━━ Exercise material ━━

(* Let $T$ be a tree and let $v\in V(T)$. Then there exists a constant $C=C(T)$ with the following property. Let $H$ be a bipartite graph with parts $X$ and $Y$ such that $d(y)\ge C|X|^{1/2}$ for every $y\in Y$, and such that the number of triples $(y,x_1,x_2)\in Y\times X\times X$ of distinct vertices with $yx_1,yx_2\in E(H)$ is more than $C|X|^2$. Then $H$ contains a copy of $T[2]$ in which the two vertices corresponding to $v$ are embedded in $X$.
   Context: For a graph $F$, the $2$-blowup $F[2]$ is obtained by replacing each vertex $u$ of $F$ by an independent set of two vertices (the two images of $u$) and each edge by a copy of $K_{2,2}$ between the corresponding sets. $d(y)$ denotes the degree of $y$ in $H$. *)

From HB Require Import structures.
From mathcomp Require Import all_boot all_order all_algebra.
From mathcomp Require Export reals.
Set Implicit Arguments. Unset Strict Implicit. Unset Printing Implicit Defensive.
Import Order.TTheory GRing.Theory Num.Theory.
Local Open Scope ring_scope.

Definition is_tree (T : finType) (e : rel T) : Prop :=
  [/\ symmetric e, irreflexive e,
      (forall x y : T, connect e x y) &
      (forall c : seq T, (2 < size c)%N -> ~~ ucycleb e c)].

Definition blowup2 (T : finType) (e : rel T) : rel (T * bool) :=
  fun p q => e p.1 q.1.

━━━

#### Task:
The answer must consist of every line from the entries above that contains "Import".

#### Response:
From HB Require Import structures.
From mathcomp Require Import all_boot all_order all_algebra.
Import Order.TTheory GRing.Theory Num.Theory.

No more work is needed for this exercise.